Sensor-based Evaluation of Intermittent Fasting Regimes: A Machine Learning and Statistical Approach
In the pursuit of healthier lifestyles, intermittent fasting has emerged as a popular dietary strategy. However, its success hinges significantly on adherence to specific eating windows and fasting periods. This study tackles this challenge by developing and assessing various machine learning and statistical models utilizing sensor data to gauge adherence levels in intermittent fasting regimes, particularly focusing on eating duration and specific time-frames.
Data collection was executed across two distinct human trials that explored different intermittent fasting regimes. Details of the study design, eligibility criteria, and ethical approvals were published separately. The ChronoFast trial (ClinicalTrials: NCT04351672) and the ParoFastin trial (DKRS: DRKS00026701) provided rich data sources. ChronoFast compared early (8:00-16:00) versus late (13:00-21:00) time-restricted eating (TRE) from glucose readings collected over 14 days with 31 women participants. Meanwhile, ParoFastin investigated TRE (self-selected 8-hour window), religious dry fasting (before sunrise and after sunset), and habitual diets, tracking glucose values over 19 days with 16 subjects (See Fig. 1A for a concise representation).

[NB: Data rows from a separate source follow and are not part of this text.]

(* Let $G$ be a graph with $n$ vertices that is $p$-almost equitably $k$-colorable, where $k \le n$. Then there exists a set $X$ of exactly $\min\{p, n-k\}$ vertices such that $G \setminus X$ has an equitable $k$-coloring.
   Context: A $k$-coloring of a graph is equitable if it partitions the vertex set into $k$ stable sets (color classes) whose sizes pairwise differ by at most one. A graph $G$ is $p$-almost equitably $k$-colorable if there exists a set $X$ of at most $p$ vertices such that $G\setminus X$ has an equitable $k$-coloring. *)

From mathcomp Require Import all_boot.
Set Implicit Arguments. Unset Strict Implicit. Unset Printing Implicit Defensive.

(* A simple graph on a finite vertex type T is a symmetric irreflexive
   relation e : rel T.  G \ X is the induced subgraph on the vertex set ~: X. *)

Definition equitable_coloring (T : finType) (e : rel T) (S : {set T})
    (k : nat) (c : T -> nat) : Prop :=
  [/\ (forall x, x \in S -> c x < k),
      (forall x y, x \in S -> y \in S -> e x y -> c x != c y) &
      (forall i j, i < k -> j < k ->
         #|[set x in S | c x == i]| <= #|[set x in S | c x == j]| + 1)].

Definition equitably_colorable (T : finType) (e : rel T) (S : {set T})
    (k : nat) : Prop :=
  exists c : T -> nat, equitable_coloring e S k c.

Definition almost_equitably_colorable (T : finType) (e : rel T)
    (p k : nat) : Prop :=
  exists X : {set T}, #|X| <= p /\ equitably_colorable e (~: X) k.

From mathcomp Require Import all_boot.
Set Warnings "-notation-overridden".
From mathcomp Require Import zify.
Set Implicit Arguments. Unset Strict Implicit. Unset Printing Implicit Defensive.

(* An equitable k-coloring of a vertex set S can be transported to a vertex
   set of any size m between |S| and max(|S|, k).  Going down, delete a vertex
   from a largest colour class.  Going up is only needed while |S| < k; then
   some colour is unused, so every class has at most one vertex, and a new
   vertex can be given the unused colour.  With |X| <= p, the target size
   n - min(p, n - k) = max(n - p, k) of the complement of X is in this range. *)

Local Notation color_class S c i := [set x in S | c x == i].

Section EquitableColoring.

Variables (T : finType) (e : rel T) (k : nat).

Lemma card_color_class_setD1 (S : {set T}) (c : T -> nat) y i : y \in S ->
  #|color_class (S :\ y) c i| = #|color_class S c i| - (c y == i).
Proof.
move=> yS; have -> : color_class (S :\ y) c i = color_class S c i :\ y.
  by apply/setP=> z; rewrite !inE andbA.
by rewrite [in RHS](cardsD1 y) !inE yS /= addKn.
Qed.

Lemma equitable_coloring_setD1 (S : {set T}) c x0 : x0 \in S ->
  equitable_coloring e S k c ->
  exists2 x, x \in S & equitable_coloring e (S :\ x) k c.
Proof.
move=> x0S [c_lt c_stable c_bal].
have k_gt0 : 0 < k by apply: leq_ltn_trans (c_lt _ x0S).
pose size_of (i : nat) := #|color_class S c i|.
pose i : 'I_k := [arg max_(i > Ordinal k_gt0) size_of i].
have i_max (j : 'I_k) : size_of j <= size_of i.
  by rewrite /i; case: arg_maxnP => // ? _; apply.
have : 0 < size_of i.
  apply: leq_trans (i_max (Ordinal (c_lt _ x0S))).
  by rewrite card_gt0; apply/set0Pn; exists x0; rewrite inE x0S /=.
rewrite card_gt0 => /set0Pn [x]; rewrite inE => /andP [xS /eqP cx].
exists x => //; split.
- by move=> y /setD1P [_ /c_lt].
- by move=> y z /setD1P [_ yS] /setD1P [_ zS]; apply: c_stable.
move=> a b a_lt b_lt; rewrite !card_color_class_setD1 // cx.
have := c_bal a b a_lt b_lt; have := i_max (Ordinal a_lt).
have := i_max (Ordinal b_lt); rewrite /size_of /=.
by case: eqP => [<-|_]; case: eqP => [<-|_]; lia.
Qed.

Lemma unused_color (S : {set T}) (c : T -> nat) : #|S| < k ->
  exists2 i, i < k & forall x, x \in S -> c x != i.
Proof.
move=> S_lt; have [all_used | /allPn [i]] := boolP (all [in image c S] (iota 0 k)).
  have := uniq_leq_size (iota_uniq 0 k) (allP all_used).
  by rewrite size_iota size_image leqNgt S_lt.
rewrite mem_iota add0n => i_lt /= i_unused; exists i => // x xS.
by apply: contraNneq i_unused => <-; apply: image_f.
Qed.

Lemma equitable_coloring_injective (S : {set T}) c : #|S| < k ->
  equitable_coloring e S k c -> {in S &, injective c}.
Proof.
move=> S_lt [c_lt _ c_bal] x y xS yS cxy; apply/eqP; apply: contraT => xy.
have [i i_lt i_unused] := unused_color c S_lt.
have : #|color_class S c i| = 0.
  by apply/eqP; rewrite cards_eq0; apply/eqP/setP=> z; rewrite !inE;
    apply/negP=> /andP [/i_unused/negP].
move: (c_bal _ _ (c_lt _ xS) i_lt) => /[swap] ->.
have : [set x; y] \subset color_class S c (c x).
  by apply/subsetP=> z; rewrite !inE => /orP [] /eqP ->; rewrite ?xS ?yS cxy eqxx.
by move/subset_leq_card; rewrite cards2 xy; lia.
Qed.

Lemma injective_equitable_coloring (S : {set T}) c : irreflexive e ->
  (forall x, x \in S -> c x < k) -> {in S &, injective c} ->
  equitable_coloring e S k c.
Proof.
move=> irr c_lt c_inj; split=> // [x y xS yS|i j _ _].
  by apply: contraTneq => /c_inj ->; rewrite ?irr.
apply: leq_trans (leq_addl _ _); apply/card_le1_eqP => x y.
by rewrite !inE => /andP [xS /eqP <-] /andP [yS /eqP /c_inj ->].
Qed.

Lemma equitable_coloring_setU1 (S : {set T}) c x : irreflexive e ->
  #|S| < k -> x \notin S -> equitable_coloring e S k c ->
  exists c', equitable_coloring e (x |: S) k c'.
Proof.
move=> irr S_lt xS c_eq; have [c_lt _ _] := c_eq.
have c_inj := equitable_coloring_injective S_lt c_eq.
have [i i_lt i_unused] := unused_color c S_lt.
exists (fun y => if y == x then i else c y).
apply: injective_equitable_coloring => // [y|y z].
  by case: eqP => // _ /setU1P [//|/c_lt].
move=> /setU1P [->|yS] /setU1P [->|zS]; rewrite ?eqxx //.
- by rewrite (negbTE (memPn xS z zS)) => /eqP; rewrite eq_sym (negbTE (i_unused _ zS)).
- by rewrite (negbTE (memPn xS y yS)) => /eqP; rewrite (negbTE (i_unused _ yS)).
by rewrite (negbTE (memPn xS y yS)) (negbTE (memPn xS z zS)); apply: c_inj.
Qed.

Lemma equitably_colorable_shrink (S : {set T}) m : m <= #|S| ->
  equitably_colorable e S k ->
  exists S' : {set T}, #|S'| = m /\ equitably_colorable e S' k.
Proof.
move=> /subnK; move: (#|S| - m) => d; elim: d S => [|d IH] S S_card [c c_eq].
  by exists S; split=> //; exists c.
have [x0 x0S] : exists x0, x0 \in S by apply/set0Pn; rewrite -card_gt0 -S_card addSn.
have [x xS cx_eq] := equitable_coloring_setD1 x0S c_eq.
apply: (IH (S :\ x)); last by exists c.
by apply/succn_inj; rewrite -addSn S_card (cardsD1 x S) xS.
Qed.

Lemma equitably_colorable_grow (S : {set T}) m : irreflexive e ->
  #|S| <= m -> m <= minn k #|T| -> equitably_colorable e S k ->
  exists S' : {set T}, #|S'| = m /\ equitably_colorable e S' k.
Proof.
move=> irr /subnK; move: (m - #|S|) => d; elim: d S => [|d IH] S S_card m_le [c c_eq].
  by exists S; split=> //; exists c.
have [x xS] : exists x, x \notin S.
  have : 0 < #|~: S| by rewrite cardsCs setCK; lia.
  by rewrite card_gt0 => /set0Pn [x]; rewrite inE; exists x.
have [|c' c'_eq] := equitable_coloring_setU1 irr _ xS c_eq; first by lia.
by apply: (IH (x |: S)) => //; [rewrite cardsU1 xS; lia | exists c'].
Qed.

End EquitableColoring.

Theorem claim1 (T : finType) (e : rel T) (p k : nat) :
  symmetric e -> irreflexive e ->
  k <= #|T| ->
  almost_equitably_colorable e p k ->
  exists X : {set T}, #|X| = minn p (#|T| - k) /\ equitably_colorable e (~: X) k.
Proof.
move=> _ irr k_le [X [X_le colX]].
pose m := #|T| - minn p (#|T| - k).
suff [S [S_card colS]] : exists S : {set T}, #|S| = m /\ equitably_colorable e S k.
  by exists (~: S); rewrite setCK; split=> //; have := cardsC S; lia.
have X_card := cardsC X.
have [m_le | m_gt] := leqP m #|~: X|.
  exact: equitably_colorable_shrink m_le colX.
by apply: equitably_colorable_grow irr (ltnW m_gt) _ colX; lia.
Qed.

The trials also captured extensive food logs and acceleration data, offering a comprehensive view of participants’ physical activity levels in the ChronoFast trial (illustrated in Fig. 1B).
Acceleration metrics were obtained using the wGT3X-BT sensor (ActiGraph, USA) mounted on participants’ non-dominant wrists. Processed through ActiLife software, the acceleration data included key variables such as timestamp, participant ID, and levels of physical activity. Glucose information was gathered using FreeStyle Libre sensors. These continuous glucose monitors recorded data at 15-minute intervals, providing vital information for dietary analysis.
Participants diligently logged their nutritional intake, guided initially by a nutritionist, using either the Fddb Extender app or paper-based records. This nutritional data, pivotal for analyzing fasting adherence, was compiled and exported for meticulous examination.
Crucially, adherence to fasting regimens was evaluated by assessing compliance to the prescribed 8-hour eating windows, particularly those adhering to meal timing regulations. Compliance permitted a 30-minute deviation, ensuring practical adherence assessment across both ChronoFast and ParoFastin trials.
In complement to the collected data, simulations were conducted using Simglucose, a Python package designed for simulating Type 1 Diabetes Mellitus time series data, enriching the research with hypothetical scenarios and device-specific configurations.
Data analysis leveraged Python-powered tools like Jupyter Notebook and PyCharm, importing the triad of data sources into harmonized data frames using the pandas library. Ensuring consistency, acceleration and glucose data were synchronized, and nutritional data was categorized into fasting and non-fasting states.
Focusing on the ChronoFast study, various models were developed to serve as precise binary predictors of fasting states. These models underwent rigorous evaluation using the ParoFastin data set and simulated Type 1 diabetes data, highlighting the robustness of the approach.
Feature computation transpired in two principal streams: glucose data assessed via the cgmquantify Python package, and acceleration data examined following established methods in activity recognition. Signal processing tools like scipy.signal were indispensable for peak identification within the data.
To streamline models while boosting performance, Recursive Feature Elimination (RFE) from the scikit-learn package spotlighted the most significant variables, as enumerated in Table 1.
Balancing the datasets was critical to circumvent label bias and overfitting during model training. Techniques from the Imbalanced-learn package, including SMOTETomek and SMOTE, were utilized to refine dataset balance and quality. Noteworthy was the employment of SMOTE for creating new samples through interpolation, ensuring robust data integrity.
Upon achieving balance, the data underwent a Min-Max scaling transformation, normalizing values between 0 and 1 to combat skewed distributions and outliers. Subsequent to scaling, several supervised machine learning models were evaluated. SHapley Additive exPlanations (SHAP) values provided vital insights into global model interpretability, elucidating variable contributions (illustrated in Fig. 1C).
The study culminated with an innovative data visualization tool, crafted using the Dash library, enabling multi-instance computer deployments. Visual representations were enhanced through Plotly, promising an interactive and intuitive user experience for extensive data exploration.
This cutting-edge research not only advances the understanding of intermittent fasting but also exemplifies the potential of utilizing sensor data and machine learning in nutrition science.